Question

Question #5c3b5

Answer 1

n = 10. The relative atomic mass of A is 23 u.

This is a disguised empirical formula problem.

Assume 100 g of A₂CO₃•nH₂O. Then we have 16 g of A and 63 g of H₂O.

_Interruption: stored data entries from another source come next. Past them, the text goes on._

(* Let $X$ be a finite cycle set and $x\in X$. The following are equivalent: (1) $X=\langle x\rangle$; (2) there is a finite brace $B$ such that $X\subseteq B$ (with the cycle set structure of $X$ being the one induced from $B$), $X=\{\lambda_b(x) : b\in B\}$, and $B=B(x)$.
   Context: A cycle set is a non-empty set $X$ with one operation $\cdot$ such that each $\sigma_x:y\mapsto x\cdot y$ is bijective and $(x\cdot y)\cdot(x\cdot z)=(y\cdot x)\cdot(y\cdot z)$ for all $x,y,z$. A sub-cycle set is a subset that is again a cycle set under the restricted operation; $\langle x\rangle$ is the smallest sub-cycle set containing $x$. A brace is a triple $(B,+,\circ)$ with $(B,+)$ an abelian group, $(B,\circ)$ a group, and $a\circ(b+c)=a\circ b-a+a\circ c$; $\lambda_a(b):=-a+a\circ b$, $a^-$ is the inverse of $a$ in $(B,\circ)$, and $B$ is a cycle set via $a\cdot b:=\lambda_{a^-}(b)$. $B(x)$ is the smallest subset of $B$ containing $x$ that is a subgroup of both $(B,+)$ and $(B,\circ)$. *)

From HB Require Import structures.
From mathcomp Require Import all_boot.
Set Implicit Arguments. Unset Strict Implicit. Unset Printing Implicit Defensive.

Definition is_cycle_set (X : Type) (op : X -> X -> X) : Prop :=
  (forall x, bijective (op x)) /\
  (forall x y z, op (op x y) (op x z) = op (op y x) (op y z)).

(* S is a sub-cycle set: non-empty, closed under op, and each restricted
   sigma_x (x in S) is a bijection S -> S.  (The cycle-set identity is
   inherited from X.) *)
Definition sub_cycle_set (X : finType) (op : X -> X -> X) (S : {set X}) : bool :=
  [&& S != set0,
      [forall x in S, forall y in S, op x y \in S],
      [forall x in S, forall y in S, forall z in S, (op x y == op x z) ==> (y == z)] &
      [forall x in S, forall y in S, exists z in S, op x z == y]].

Definition cs_gen (X : finType) (op : X -> X -> X) (x : X) : {set X} :=
  \bigcap_(S : {set X} | sub_cycle_set op S && (x \in S)) S.

Record brace := Brace {
  bT :> finType;
  badd : bT -> bT -> bT;
  bopp : bT -> bT;
  bzero : bT;
  bcirc : bT -> bT -> bT;
  binv : bT -> bT;
  bone : bT;
  baddA : forall a b c, badd a (badd b c) = badd (badd a b) c;
  baddC : forall a b, badd a b = badd b a;
  badd0 : forall a, badd bzero a = a;
  baddN : forall a, badd (bopp a) a = bzero;
  bcircA : forall a b c, bcirc a (bcirc b c) = bcirc (bcirc a b) c;
  bcirc1 : forall a, bcirc bone a = a;
  bcircV : forall a, bcirc (binv a) a = bone;
  bdistr : forall a b c,
    bcirc a (badd b c) = badd (badd (bcirc a b) (bopp a)) (bcirc a c)
}.

Definition blambda (B : brace) (a b : B) : B := badd (bopp a) (bcirc a b).

Definition bcs_op (B : brace) (a b : B) : B := blambda (binv a) b.

Definition bi_subgroup (B : brace) (S : {set B}) : bool :=
  [&& bzero B \in S, [forall a in S, forall b in S, badd a b \in S],
      [forall a in S, bopp a \in S],
      bone B \in S, [forall a in S, forall b in S, bcirc a b \in S] &
      [forall a in S, binv a \in S]].

Definition brace_gen (B : brace) (x : B) : {set B} :=
  \bigcap_(S : {set B} | bi_subgroup S && (x \in S)) S.

From HB Require Import structures.
From mathcomp Require Import all_boot fingroup perm ssralg zmodp zify.
Set Implicit Arguments. Unset Strict Implicit. Unset Printing Implicit Defensive.
Import GRing.Theory.

(* (2) => (1): for a sub-cycle set S containing x, the image Y of S is stable
   under every lambda_y with y in Y.  The additive monoid spanned by Y is then
   stable under lambda, hence under the circle product, so by finiteness it is
   a subgroup of both (B,+) and (B,o).  It contains x, so it is B(x) = B, and
   X = lambda_B(x) lies in Y.
   (1) => (2): X embeds, via y |-> e_y, in the structure brace of X taken
   modulo a multiple of |Sym X|!, which is still a brace because the
   permutation sigma_a attached to a in N^(X) depends only on the
   multiplicities of a modulo |Sym X|! once they exceed |Sym X|.  The elements
   y with e_y in lambda_{B(e_x)}(e_x) form a sub-cycle set containing x, hence
   all of X, and B(e_x) is the required brace. *)

Section BraceArithmetic.
Variable B : brace.
Implicit Types a b c : B.
Local Notation "a +' b" := (badd a b) (at level 50, left associativity).
Local Notation "-' a" := (bopp a) (at level 35).
Local Notation "a *' b" := (bcirc a b) (at level 40, left associativity).
Local Notation "0'" := (bzero B).
Local Notation lam := (@blambda B).

Lemma badd0r a : a +' 0' = a.
Proof. by rewrite baddC badd0. Qed.

Lemma baddNr a : a +' -' a = 0'.
Proof. by rewrite baddC baddN. Qed.

Lemma baddKl a b : -' a +' (a +' b) = b.
Proof. by rewrite baddA baddN badd0. Qed.

Lemma baddKr a b : a +' (-' a +' b) = b.
Proof. by rewrite baddA baddNr badd0. Qed.

Lemma baddI a : injective (badd a).
Proof. by move=> b c e; rewrite -(baddKl a b) e baddKl. Qed.

Lemma baddCA a b c : a +' (b +' c) = b +' (a +' c).
Proof. by rewrite !baddA (baddC a). Qed.

Lemma bopp0 : -' 0' = 0'.
Proof. by have := baddN 0'; rewrite badd0r. Qed.

Lemma boppK a : -' (-' a) = a.
Proof. by apply: (@baddI (-' a)); rewrite baddN baddNr. Qed.

Lemma boppD a b : -' (a +' b) = -' a +' -' b.
Proof.
apply: (@baddI (a +' b)); rewrite baddNr baddA -(baddA a b) (baddC b).
by rewrite baddA baddNr badd0 baddNr.
Qed.

Lemma bcirc0r a : a *' 0' = a.
Proof.
have e : a *' 0' +' 0' = a *' 0' +' (-' a +' a *' 0').
  by rewrite badd0r baddA -bdistr badd0.
by move/baddI/(congr1 (badd a)): e; rewrite badd0r baddKr.
Qed.

Lemma bone_zero : bone B = 0'.
Proof. by rewrite -[LHS](bcirc0r (bone B)) bcirc1. Qed.

Lemma bcirc1r a : a *' bone B = a.
Proof. by rewrite bone_zero bcirc0r. Qed.

Lemma bcircI a : injective (bcirc a).
Proof. by move=> b c e; rewrite -(bcirc1 b) -(bcircV a) -bcircA e bcircA bcircV bcirc1. Qed.

Lemma bcircVr a : a *' binv a = bone B.
Proof. by apply: (@bcircI (binv a)); rewrite bcircA bcircV bcirc1 bcirc1r. Qed.

Lemma bcircE a b : a *' b = a +' lam a b.
Proof. by rewrite /blambda baddKr. Qed.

Mass of CO₃ = (100 – 16 – 63) g = 21 g CO₃

Moles of CO₃ = 21 g CO₃ × `(1 mol CO₃)/(60.01 g CO₃)` = 0.35 mol CO₃

Moles of H₂O = 63 g H₂O × `(1 mol H₂O)/(18.02 g H₂O)` = 3.5 mol H₂O

Moles of A = 2 × moles of CO₃ = 2 × 0.35 mol = 0.70 mol A

Molar ratios A:CO₃:H₂O = 0.70:0.35:3.5 = 2.0:1:10 ≈ 2:1:10

The empirical formula is A₂CO₃•10H₂O.

16 g A = 0.70 mol A

∴ Atomic mass of A = `(16 g)/(0.70 mol)` = 23 g/mol.

Relative atomic mass of A = 23 u.

(A must be Na, and the formula is Na₂CO₃•10H₂O).